[[ Input records open ]]

Lemma locally_Rbar_lt_Rabs_mul_exp c (r : Rbar) t :
  Rbar_lt (Rabs (c * exp t)) r -> locally t (fun s => Rbar_lt (Rabs (c * exp s)) r).
Proof.
  intros Ht.
  assert (Hc : continuous (fun s => Rabs (c * exp s)) t).
  { apply continuous_Rabs_comp, (continuous_mult (fun _ => c));
      [apply continuous_const | apply continuous_exp]. }
  exact (Hc _ (open_Rbar_lt r _ Ht)).
Qed.

Section PSeriesAlongExp.

Variables (a : nat -> R) (x : R).

Lemma is_derive_PSeries_moment_exp k t : Rbar_lt (Rabs (x * exp t)) (CV_radius a) ->
  is_derive (fun s => PSeries (PS_moment a k) (x * exp s)) t
            (PSeries (PS_moment a (S k)) (x * exp t)).
Proof.
  intros Ht; rewrite (PSeries_ext _ _ _ (PS_moment_S a k)), PSeries_incr_1.
  apply (is_derive_comp (PSeries (PS_moment a k)) (fun s => x * exp s)).
  - apply is_derive_PSeries; rewrite CV_radius_PS_moment; exact Ht.
  - auto_derive; [exact I | ring].
Qed.

Lemma Derive_n_PSeries_exp k t : Rbar_lt (Rabs (x * exp t)) (CV_radius a) ->
  Derive_n (fun s => PSeries a (x * exp s)) k t = PSeries (PS_moment a k) (x * exp t).
Proof.
  revert t; induction k as [|k IH]; intros t Ht.
  - symmetry; apply PSeries_ext, PS_moment_0.
  - simpl; rewrite (Derive_ext_loc _ (fun s => PSeries (PS_moment a k) (x * exp s))).
    + apply is_derive_unique, is_derive_PSeries_moment_exp, Ht.
    + eapply filter_imp; [|apply locally_Rbar_lt_Rabs_mul_exp, Ht].
      intros s Hs; apply IH, Hs.
Qed.

End PSeriesAlongExp.

Lemma bell_gf_PSeries lam x s :
  lam <> 0 -> Rabs (lam * x) < 1 -> Rabs (lam * x * exp s) < 1 ->
  bell_gf lam x s = e_lam_inv lam x * PSeries (e_lam_coef lam) (x * exp s).
Proof.
  intros Hl Hx Hs; rewrite Rmult_assoc in Hs; rewrite PSeries_e_lam_coef by assumption.
  apply Rabs_def2 in Hx, Hs.
  unfold bell_gf, e_lam, e_lam_inv, Rpower.
  rewrite ln_div, <- exp_plus, <- Rmult_assoc by lra; f_equal; ring.
Qed.

Lemma Bel_PSeries lam x k : lam <> 0 -> Rabs (lam * x) < 1 ->
  Bel k lam x = e_lam_inv lam x * PSeries (PS_moment (e_lam_coef lam) k) x.
Proof.
  intros Hl Hx; unfold Bel.
  assert (Hx0 : Rabs (lam * x * exp 0) < 1) by (rewrite exp_0, Rmult_1_r; exact Hx).
  rewrite (Derive_n_ext_loc _ (fun s => e_lam_inv lam x * PSeries (e_lam_coef lam) (x * exp s))).
  - rewrite Derive_n_scal_l, Derive_n_PSeries_exp; rewrite exp_0, Rmult_1_r; [reflexivity|].
    apply Rabs_lt_CV_radius_e_lam_coef; assumption.
  - eapply filter_imp; [|apply (locally_Rbar_lt_Rabs_mul_exp (lam * x) 1), Hx0].
    intros s Hs; apply bell_gf_PSeries; assumption.
Qed.

Lemma is_series_sum_f_R0 (u : nat -> nat -> R) (L : nat -> R) m :
  (forall l, is_series (u l) (L l)) ->
  is_series (fun n => sum_f_R0 (fun l => u l n) m) (sum_f_R0 L m).
Proof.
  intros Hu; induction m as [|m IH]; simpl; [apply Hu|].
  apply (is_series_plus _ _ _ _ IH (Hu (S m))).
Qed.

Lemma is_series_PS_moment a x k : Rbar_lt (Rabs x) (CV_radius a) ->
  is_series (fun n => INR n ^ k * a n * x ^ n) (PSeries (PS_moment a k) x).
Proof.
  intros Hx; rewrite <- (CV_radius_PS_moment a k) in Hx.
  apply is_pseries_R, PSeries_correct, CV_radius_inside, Hx.
Qed.

Lemma is_series_binomial_moment a x j q : Rbar_lt (Rabs x) (CV_radius a) ->
  is_series (fun n => INR n ^ j * (INR n + 1) ^ q * a n * x ^ n)
            (sum_f_R0 (fun l => Binomial.C q l * PSeries (PS_moment a (l + j)) x) q).
Proof.
  intros Hx.
  apply (is_series_ext
           (fun n => sum_f_R0 (fun l => Binomial.C q l * (INR n ^ (l + j) * a n * x ^ n)) q)).
  - intros n.
    change (sum_f_R0 (fun l => Binomial.C q l * (INR n ^ (l + j) * a n * x ^ n)) q
            = INR n ^ j * (INR n + 1) ^ q * a n * x ^ n).
    rewrite binomial.
    transitivity (INR n ^ j * a n * x ^ n
                  * sum_f_R0 (fun l => Binomial.C q l * INR n ^ l * 1 ^ (q - l)) q); [|ring].
    rewrite scal_sum; apply sum_eq; intros l _.
    rewrite pow1, pow_add; ring.
  - apply is_series_sum_f_R0; intros l.
    apply (is_series_scal (Binomial.C q l) (fun n => INR n ^ (l + j) * a n * x ^ n)).
    apply is_series_PS_moment, Hx.
Qed.

Lemma PSeries_moment_S_e_lam_coef lam x q : lam <> 0 -> Rabs (lam * x) < 1 ->
  PSeries (PS_moment (e_lam_coef lam) (S q)) x
  = x * e_lam_poly lam x q
    - lam * x
      * sum_f_R0 (fun l => Binomial.C q l * PSeries (PS_moment (e_lam_coef lam) (l + 1)) x) q.
Proof.
  intros Hl Hx; pose proof (Rabs_lt_CV_radius_e_lam_coef _ _ Hl Hx) as Hr.
  set (a := e_lam_coef lam) in *.
  pose proof (is_series_binomial_moment a x 0 q Hr) as Hbin0.
  pose proof (is_series_binomial_moment a x 1 q Hr) as Hbin1.
  assert (Epoly : e_lam_poly lam x q
                  = sum_f_R0 (fun l => Binomial.C q l * PSeries (PS_moment a (l + 0)) x) q).
  { apply is_series_unique; eapply is_series_ext; [|exact Hbin0].
    intros n; unfold a, e_lam_coef; simpl; ring. }
  assert (Hshift : is_series (fun n => INR (S n) ^ S q * a (S n) * x ^ S n)
                             (PSeries (PS_moment a (S q)) x)).
  { apply (is_series_incr_1 (fun n => INR n ^ S q * a n * x ^ n)).
    replace (plus _ _) with (PSeries (PS_moment a (S q)) x) by (unfold plus; simpl; ring).
    apply is_series_PS_moment, Hr. }
  rewrite <- (is_series_unique _ _ Hshift), Epoly; apply is_series_unique.
  eapply is_series_ext;
    [|exact (is_series_minus _ _ _ _ (is_series_scal x _ _ Hbin0)
                                     (is_series_scal (lam * x) _ _ Hbin1))].
  intros n; pose proof (e_lam_coef_S lam n) as Hrec; fold a in Hrec.
  change (x * (INR n ^ 0 * (INR n + 1) ^ q * a n * x ^ n)
          - lam * x * (INR n ^ 1 * (INR n + 1) ^ q * a n * x ^ n)
          = INR (S n) * INR (S n) ^ q * a (S n) * (x * x ^ n)).
  rewrite S_INR in *.
  transitivity ((INR n + 1) ^ q * ((INR n + 1) * a (S n)) * (x * x ^ n)); [|ring].
  rewrite Hrec; ring.
Qed.

Lemma Bel_S lam x q : lam <> 0 -> Rabs (lam * x) < 1 ->
  Bel (S q) lam x
  = x * e_lam_inv lam x * e_lam_poly lam x q
    - lam * x * sum_f_R0 (fun l => Binomial.C q l * Bel (l + 1) lam x) q.
Proof.
  intros Hl Hx.
  rewrite (sum_eq _ (fun l => Binomial.C q l * PSeries (PS_moment (e_lam_coef lam) (l + 1)) x
                              * e_lam_inv lam x))
    by (intros l _; rewrite Bel_PSeries by assumption; ring).
  rewrite <- scal_sum, Bel_PSeries, PSeries_moment_S_e_lam_coef by assumption; ring.
Qed.

Theorem mainTheorem14 (lam x : R) (p : nat) :
  lam <> 0 -> Rabs (lam * x) < 1 -> (2 <= p)%nat ->
  Bel p lam x =
    x * e_lam_inv lam x / (1 + lam * x) * e_lam_poly lam x (p - 1)
    - lam * x / (1 + lam * x)
      * sum_f_R0 (fun l => Binomial.C (p - 1) l * Bel (l + 1) lam x) (p - 2).
Proof.
  intros Hl Hx Hp.
  destruct p as [|[|r]]; [lia | lia |].
  replace (S (S r) - 1)%nat with (S r) by lia; replace (S (S r) - 2)%nat with r by lia.
  assert (Hpos : 0 < 1 + lam * x) by (apply Rabs_def2 in Hx; lra).
  pose proof (Bel_S lam x (S r) Hl Hx) as Hrec.
  rewrite tech5, C_n_n, Nat.add_1_r in Hrec.
  (* the last summand of [Hrec] is [Bel p] itself: solve the linear equation for it *)
  apply (Rmult_eq_reg_l (1 + lam * x)); [|lra].
  field_simplify; [|lra]; lra.
Qed.
Lemma pot_fsetU A B :
  (forall a b, a \in A -> b \in B -> ~ connected_in G a b) ->
  pot R G (A `|` B) = pot R G A + pot R G B.
Proof.
move=> hAB.
have disj z : z \in A -> z \notin B.
  by move=> zA; apply/negP => zB; exact: hAB zA zB (connected_in_refl _ _).
have cardU (X Y : {fset _}) : (forall z, z \in X -> z \notin Y) ->
    #|` X `|` Y| = (#|` X| + #|` Y|)%N.
  move=> hXY; rewrite -cardfsUI; suff -> : X `&` Y = fset0 by rewrite cardfs0 addn0.
  by apply/fsetP => z; rewrite in_fsetI in_fset0; apply/negP => /andP[/hXY/negP].
have eU : edges_in G (A `|` B) = edges_in G A `|` edges_in G B.
  apply/fsetP => x; rewrite in_fsetU !in_edges_in !in_fsetU.
  case hx: (x \in cg_edges G) => //=; have cx := edge_connected hx.
  case a1: (x.1 \in A); case a2: (x.2 \in A); case b1: (x.1 \in B);
    case b2: (x.2 \in B) => //=; exfalso;
    first [exact: hAB _ _ a1 b2 cx | exact: hAB _ _ a2 b1 (connected_in_sym cx)].
rewrite /pot eU cardU // cardU; first by rewrite !natrD; ring.
move=> x; rewrite !in_edges_in => /and3P[_ a1 _]; apply/negP => /and3P[_ b1 _].
by move: (disj _ a1); rewrite b1.
Qed.

Lemma pot_add_edge e c X : e \notin cg_edges G ->
  pot R (add_edge G e c) X = pot R G X + ((e.1 \in X) && (e.2 \in X))%:R.
Proof.
move=> he; rewrite /pot -addrA -natrD; congr (_ + _%:R).
case hX: ((e.1 \in X) && (e.2 \in X)).
- have -> : edges_in (add_edge G e c) X = e |` edges_in G X.
    apply/fsetP => x; rewrite in_fset1U !in_edges_in /= in_fset1U.
    by case: eqP => [->|]; rewrite ?hX.
  by rewrite cardfsU1 in_edges_in (negbTE he) addnC.
- have -> : edges_in (add_edge G e c) X = edges_in G X.
    apply/fsetP => x; rewrite !in_edges_in /= in_fset1U.
    by case: eqP => [->|]; rewrite ?hX ?andbF.
  by rewrite addn0.
Qed.

End Potential.

Section Fsides.
Variable R : realType.
Implicit Types a b p q r s : R.

Definition fsides a b : R :=
  phi R * Num.max a b - phi R + Num.max (Num.max a b - phi R ^+ 3) (Num.min a b).

Lemma fsidesC a b : fsides a b = fsides b a.
Proof. by rewrite /fsides maxC minC. Qed.

Lemma phi_sqr : phi R * phi R = phi R + 1.
Proof.
have s0 : 0 <= Num.sqrt 5 :> R by rewrite sqrtr_ge0.
have s2 : Num.sqrt 5 * Num.sqrt 5 = 5 :> R by rewrite -expr2 sqr_sqrtr // ler0n.
rewrite /phi; nra.
Qed.

Lemma phi_bounds : 8 < 5 * phi R /\ 10 * phi R < 17.
Proof.
have phi0 : 0 <= phi R by rewrite divr_ge0 ?addr_ge0 ?sqrtr_ge0.
by have := phi_sqr; split; nra.
Qed.

Lemma fsides_max4 a b : fsides a b =
  Num.max (Num.max (phi R * a + a - 3 * phi R - 1) (phi R * b + b - 3 * phi R - 1))
          (Num.max (phi R * a + b - phi R) (phi R * b + a - phi R)).
Proof.
have phi2 := phi_sqr; have [phi_lb phi_ub] := phi_bounds.
wlog hab : a b / a <= b.
  move=> hw; case: (leP a b) => [|/ltW] h; first exact: hw.
  by rewrite fsidesC hw // [X in Num.max X _]maxC [X in Num.max _ X]maxC.
rewrite /fsides.
have -> : phi R ^+ 3 = 2 * phi R + 1 by rewrite !exprS expr0 mulr1 phi2; nra.
rewrite (max_idPr hab) (min_idPl hab).
have -> : Num.max (phi R * a + a - 3 * phi R - 1) (phi R * b + b - 3 * phi R - 1) =
          phi R * b + b - 3 * phi R - 1 by apply/max_idPr; nra.
have -> : Num.max (phi R * a + b - phi R) (phi R * b + a - phi R) = phi R * b + a - phi R.
  by apply/max_idPr; nra.
by rewrite !maxEle; do 2 case: leP => ?; lra.
Qed.

Lemma fsides_ge a b :
  [/\ phi R * a + a - 3 * phi R - 1 <= fsides a b, phi R * b + b - 3 * phi R - 1 <= fsides a b,
      phi R * a + b - phi R <= fsides a b & phi R * b + a - phi R <= fsides a b].
Proof. by rewrite fsides_max4 !le_max !lexx !orbT. Qed.

Lemma fsides_shift_le p q a b : 0 <= a <= 1 -> 0 <= b <= 1 ->
  fsides (p + a) (q + b) <= fsides p q + phi R + 1.
Proof.
move=> /andP[a0 a1] /andP[b0 b1].
have [phi_lb phi_ub] := phi_bounds; have [g1 g2 g3 g4] := fsides_ge p q.
move: (fsides p q) g1 g2 g3 g4 => F g1 g2 g3 g4.
by rewrite fsides_max4 !ge_max; apply/andP; split; apply/andP; split; nra.
Qed.

Lemma fsides_merge_le p q r s :
  fsides (p + r + 1) (q + s) <= fsides p q + fsides r s + phi R + 1 \/
  fsides (p + s) (q + r) <= fsides p q + fsides r s + phi R + 1.
Proof.
have [phi_lb phi_ub] := phi_bounds.
have [f1 f2 f3 f4] := fsides_ge p q; have [g1 g2 g3 g4] := fsides_ge r s.
rewrite (fsides_max4 (p + r + 1)) (fsides_max4 (p + s)).
move: (fsides p q) (fsides r s) f1 f2 f3 f4 g1 g2 g3 g4 => F G f1 f2 f3 f4 g1 g2 g3 g4.
case: leP => [|hb]; [by left|right]; move: hb; rewrite !lt_max !ge_max.
by case/orP => /orP[] hb; apply/andP; split; apply/andP; split; nra.
Qed.

Lemma fsides_merge_isolated_le r s :
  fsides (phi R + r + 1) s <= fsides r s + phi R + 1 \/
  fsides (phi R + s) r <= fsides r s + phi R + 1.
Proof.
have phi2 := phi_sqr; have [phi_lb phi_ub] := phi_bounds.
have [g1 g2 g3 g4] := fsides_ge r s.
rewrite (fsides_max4 (phi R + r + 1)) (fsides_max4 (phi R + s)).
move: (fsides r s) g1 g2 g3 g4 => G g1 g2 g3 g4.
case: leP => [|hb]; [by left|right]; move: hb; rewrite !lt_max !ge_max.
by case/orP => /orP[] hb; apply/andP; split; apply/andP; split; nra.
Qed.

Lemma fsides_phi_phi : fsides (phi R) (phi R) = phi R + 1.
Proof.
have := phi_sqr; have [phi_lb phi_ub] := phi_bounds.
by rewrite fsides_max4 !maxxx maxEle; case: leP; lra.
Qed.

Lemma fsides_merge_choice p q r s (bu bv : bool) :
  (~~ bu -> p = phi R /\ q = 0) -> (~~ bv -> r = phi R /\ s = 0) ->
  let F := (if bu then fsides p q else 0) + (if bv then fsides r s else 0) + phi R + 1 in
  fsides (p + r + 1) (q + s) <= F \/ fsides (p + s) (q + r) <= F.
Proof.
case: bu => [_|/(_ isT) [-> ->]]; case: bv => [_|/(_ isT) [-> ->]] /=.
- exact: fsides_merge_le.
- rewrite !addr0 (addrC p) (addrC q) (fsidesC p (phi R + q)).
  exact: fsides_merge_isolated_le.
- by rewrite !add0r; apply: fsides_merge_isolated_le.
- by right; rewrite !add0r addr0 fsides_phi_phi.
Qed.

End Fsides.

Lemma side1_comp G W w : red_bipartition G W -> w \in Defs.support G ->
  side1 G (Defs.comp G w) = [fset z in Defs.comp G w | W z] \/
  side1 G (Defs.comp G w) = [fset z in Defs.comp G w | ~~ W z].
Proof.
move=> hW hw; have /red_bipartitionP hWe := hW; set C := Defs.comp G w.
have hC : comp_rbpart G C [fset z in C | W z].
  apply/comp_rbpartP; split=> [|x hx x1C].
    by apply/fsubsetP => z; rewrite in_fset_filter => /andP[].
  rewrite !(in_fset_filter C) x1C -(comp_edge w hx) x1C; exact: hWe.
have /comp_rbpartP [sC hs] : comp_rbpart G C (side1 G C).
  exact: epsilon_spec (ex_intro _ _ hC).
(* [side1] on C and W elsewhere: a red-bipartition, as no edge leaves C. *)
pose W' z := if z \in C then z \in side1 G C else W z.
have hW' : red_bipartition G W'.
  apply/red_bipartitionP => x hx; rewrite /W' -(comp_edge w hx).
  by case x1C: (x.1 \in C); [exact: hs|exact: hWe].
have agree z : z \in C -> (z \in side1 G C) (+) W z = (w \in side1 G C) (+) W w.
  move=> zC; have [_ zw] := mem_comp _ _ _ zC.
  by have := red_bipartition_agree hW' hW zw; rewrite /W' zC (mem_comp_self hw).
have notC z : z \notin C -> z \notin side1 G C.
  by apply: contra => /(fsubsetP sC).
case hk: ((w \in side1 G C) (+) W w); [right|left]; apply/fsetP => z;
  rewrite (in_fset_filter C); case zC: (z \in C) => /=; try exact/negbTE/notC/negbT.
all: by have := agree z zC; rewrite hk; case: (z \in side1 G C); case: (W z).
Qed.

[[ Input records closed ]]

■ About this exercise: Please copy, exactly and with nothing else, the lines above beginning at the line that has "rewrite /phi; nra." and ending with the line that has "Lemma fsides_max4 a".

■ Answer for this exercise:
rewrite /phi; nra.
Qed.

Lemma phi_bounds : 8 < 5 * phi R /\ 10 * phi R < 17.
Proof.
have phi0 : 0 <= phi R by rewrite divr_ge0 ?addr_ge0 ?sqrtr_ge0.
by have := phi_sqr; split; nra.
Qed.

Lemma fsides_max4 a b : fsides a b =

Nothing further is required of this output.